6L2439 was replaced by 87AA 5440 for me.

We had dedicated .22LR kit guns - that never saw 7.62, until SARP - then we shoot the crap out of them.

I didn't learn until 1988 on my SAIC that the buttstock sizing on the C1A1 actually mattered - going to a Short buttstock from an XL managed to tame my chipmunk cheeks significantly.

Later when I got a old Aussie L1A1 I got some beautiful unissued CF wood - and the N (Normal) buttstock fit perfectly (I was several inches taller than I was at 18 and many pounds heavier.

Having shot people with both 7.62 and 5.56mm, I generally lean towards 5.56mm unless I have longer ranges (and not ball ammo).


----------



## OldTanker (24 Sep 2021)

The FNC1A1 had a life-changing impact on my life. In 1972 I was a militia corporal running a basic training course. I had two female recruits in my section, G and C. G was the better looking of the two, in a German barmaid sort of way, although C was no slouch in the looks department. I, being totally superficial at that age (18) developed a crush on G, or at least parts of her anatomy. Until we went to the range. I put them through the normal introductory serials on the FN and after the shoot when we were cleaning the weapons, G whined incessantly about how sore her face was and please, Cpl, could you help me with this terrible pull-through that is caught in my barrel? Sheesh. C, on the other hand, never uttered a word of complaint, cleaned her rifle competently and got on with it. I realized there was more to life than a barmaid figure. C and I have been married for 47 years. Thank you FNC1!


----------



## medicineman (24 Sep 2021)

I actually cannot remember the SN of my C1 from Cornwallis...though I do remember the young lady on the firing lane next to me in Granville who somersaulted backwards during an engagement from the kneeling position during our respirator shoot.  The look on the RSO's face was priceless...as was the screeching sound of "STOP STOP STOP!!!".  Even funnier was watching the tiniest person in my platoon trying a C2 shoot from 200m - one burst, 1 round might have got to the target, remainder hit all the firing points between us and it, as the butt to arm ratio was inverse to what it should have been.

I had fired the .22 insert maybe once before, but most of the time I saw it used with Cadets - helped some out on the range up in Whitehorse one summer when I was working there.


----------



## Old Sweat (24 Sep 2021)

I recall the C1s, and later the C1A1s, had different stock lengths indicated by a S, M, L, or XL on the bottom of the stock just aft of where it joined the body. Personal opinion: something was wrong as I have relatively short arms, but rated a XL stop length by the fit test in the QM. And chipmunk cheek describes my face after a day on the ranges. My time on the ranks was fairly short and I qualified first class in Fall 59 and marksman in Fall 60. I wore crossed rifles and crown for no more that a week or two before I was promoted to officer cadet and went on officer training.

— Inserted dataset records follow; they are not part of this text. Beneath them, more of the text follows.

(* Let $2^{t-1}<n\le 2^t-4$, $i=2^t-3-n$, $j=n-2^{t-1}+1$, $W_2=\mathbb{F}_2[w_2,w_3]$. Then for all $x,y,z\in W_2$, \[ q_{n-2}x+q_{n-1}y+q_nz=\det\begin{pmatrix} x& r_j& w_3q_{i-1}\\ y& w_3r_{j-2}& q_{i+1}\\ z& r_{j-1}& q_i\end{pmatrix} \] (over $\mathbb{F}_2$). Moreover, the kernel of the $W_2$-linear map $d_1\colon W_2^{\oplus 3}\to W_2$, $(x,y,z)\mapsto q_{n-2}x+q_{n-1}y+q_nz$, is a free graded $W_2$-module of rank $2$ with basis $u=(r_j,\,w_3r_{j-2},\,r_{j-1})^{\mathrm t}$ and $v=(w_3q_{i-1},\,q_{i+1},\,q_i)^{\mathrm t}$.
   Context: $W_2$ is graded by $\deg w_2=2,\deg w_3=3$. $q_0=1$, $q_m=0$ for $m<0$, $q_m=w_2q_{m-2}+w_3q_{m-3}$ for $m\ge1$; $r_0=1$, $r_m=0$ for $m<0$, $r_{m+1}=w_2r_m+w_3^2r_{m-2}$ for $m\ge0$. *)

From HB Require Import structures.
From mathcomp Require Import all_boot all_order all_algebra.
Set Implicit Arguments. Unset Strict Implicit. Unset Printing Implicit Defensive.
Import GRing.Theory.
Local Open Scope ring_scope.

(* W_2 = F_2[w_2, w_3], realised as the polynomial ring F_2[w_2][w_3]. *)
Definition W2 : Type := {poly {poly 'F_2}}.
Definition w2 : W2 := ('X)%:P.   (* inner variable, deg 2 *)
Definition w3 : W2 := 'X.        (* outer variable, deg 3 *)

(* q_m for m >= 0 (q_m = 0 for m < 0):
   q_0 = 1, q_1 = w2 q_{-1} + w3 q_{-2} = 0, q_2 = w2 q_0 + w3 q_{-1} = w2,
   q_{m+3} = w2 q_{m+1} + w3 q_m. *)
Fixpoint q (m : nat) : W2 :=
  match m with
  | 0 => 1
  | 1 => 0
  | 2 => w2
  | ((k as k0).+1 as k1).+2 => w2 * q k1 + w3 * q k0
  end.

(* r_m for m >= 0 (r_m = 0 for m < 0):
   r_0 = 1, r_1 = w2 r_0 = w2, r_2 = w2 r_1 = w2^2,
   r_{m+3} = w2 r_{m+2} + w3^2 r_m. *)
Fixpoint r (m : nat) : W2 :=
  match m with
  | 0 => 1
  | 1 => w2
  | 2 => w2 * w2
  | (((k as k0).+1).+1 as k2).+1 => w2 * r k2 + w3 ^+ 2 * r k0
  end.

Definition mx3 (a b c : W2 * W2 * W2) : 'M[W2]_3 :=
  \matrix_(i < 3, j < 3)
    let col := nth a [:: a; b; c] j in
    nth 0 [:: col.1.1; col.1.2; col.2] i.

It seems to me the C1A1 was an attempt to fix the stock length as well as some other things, like going to a two piece firing pin, but that was six decades ago, son no guarantees.


----------



## Haggis (24 Sep 2021)

1L9758. Long buttstock.  Man, I loved that rifle.  The feel and the smell was something else.  I was a pretty good shot with her.  I wonder if she went to the smelter?


----------



## FJAG (24 Sep 2021)

Me and mine in our glamour shot on BOTC - damn'd if I can remember it's number:



🍻


----------



## mariomike (24 Sep 2021)

FJAG said:


> Me and mine in our glamour shot on BOTC - damn'd if I can remember it's number:
> 
> View attachment 66610
> 
> 🍻


“This is my rifle. There are many like it, but this one is mine.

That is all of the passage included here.